(* If b is set0-large, every set of size < kappa embeds into b, so |b| is the
   largest cardinal below kappa.  Conversely, if kappa = lambda^+, then I_kappa
   consists of the sets of size <= lambda; it is closed under binary unions
   (lambda + lambda = lambda, via Zorn) and the complement of each of its members
   has size >= lambda.  Given a, pick D disjoint from a with |D| = lambda; then
   a `|` D is a-large: for c in I_kappa, a permutation fixing a first moves D to
   fresh points and then swaps c \ a with part of the image of D. *)

From mathcomp Require Import all_boot.
From mathcomp Require Import boolp classical_sets functions cardinality.
From mathcomp Require Import zify.
Set Implicit Arguments. Unset Strict Implicit. Unset Printing Implicit Defensive.
Local Open Scope classical_set_scope.
Local Open Scope card_scope.

Definition inj_on T U (A : set T) (B : set U) (f : T -> U) :=
  (forall x, A x -> B (f x)) /\ (forall x y, A x -> A y -> f x = f y -> x = y).

Lemma card_le_inj_on T U (A : set T) (B : set U) f : inj_on A B f -> A #<= B.
Proof.
move=> [fAB finj]; have [g] : $|{injfun A >-> B}|.
  by apply/injfunPex; exists f => // x y; rewrite !inE; apply: finj.
exact: inj_card_le g.
Qed.

Lemma card_le_inj_onP T U (u0 : U) (A : set T) (B : set U) :
  A #<= B <-> exists f, inj_on A B f.
Proof.
split=> [|[f /card_le_inj_on//]].
elim/Ppointed: U => U in u0 B *; first by case: (no u0).
move/pcard_leP => [g].
have [f fAB finj] : exists2 f : T -> U, set_fun A B f & set_inj A f.
  by apply/injfunPex; squash g.
by exists f; split => // x y Ax Ay; apply: finj; rewrite inE.
Qed.

Section InjectiveGraph.
Variables (T U : Type) (A : set T) (B : set U).

Definition inj_graph (G : set (T * U)) :=
  (forall p, G p -> A p.1 /\ B p.2) /\
  (forall p q, G p -> G q -> (p.1 = q.1 <-> p.2 = q.2)).

Lemma inj_graph1 a b : A a -> B b -> inj_graph [set (a, b)].
Proof. by move=> Aa Bb; split=> [p ->|p q -> ->]. Qed.

Lemma inj_graphU G1 G2 : inj_graph G1 -> inj_graph G2 ->
  (forall p q, G1 p -> G2 q -> p.1 <> q.1 /\ p.2 <> q.2) ->
  inj_graph (G1 `|` G2).
Proof.
move=> [G1AB G1inj] [G2AB G2inj] G12; split=> [p [/G1AB|/G2AB]//|p q].
case=> [G1p|G2p] [G1q|G2q].
- exact: G1inj.
- by have [n1 n2] := G12 _ _ G1p G2q.
- by have [n1 n2] := G12 _ _ G1q G2p; split=> E; [case: n1|case: n2].
- exact: G2inj.
Qed.

Lemma inj_graph_bigcup (F : set (set (T * U))) :
  F `<=` inj_graph -> total_on F subset -> inj_graph (\bigcup_(G in F) G).
Proof.
move=> Finj Ftot; split=> [p [G /Finj[GAB _] /GAB]//|].
move=> p q [G1 F1 G1p] [G2 F2 G2q]; have [s12|s21] := Ftot _ _ F1 F2.
  exact: (Finj _ F2).2 p q (s12 _ G1p) G2q.
exact: (Finj _ F1).2 p q G1p (s21 _ G2q).
Qed.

**What is being asked:** Copy down every line of the entries containing the word "have".

**Completed task:**
move=> [fAB finj]; have [g] : $|{injfun A >-> B}|.
have [f fAB finj] : exists2 f : T -> U, set_fun A B f & set_inj A f.
- by have [n1 n2] := G12 _ _ G1p G2q.
- by have [n1 n2] := G12 _ _ G1q G2p; split=> E; [case: n1|case: n2].
move=> p q [G1 F1 G1p] [G2 F2 G2q]; have [s12|s21] := Ftot _ _ F1 F2.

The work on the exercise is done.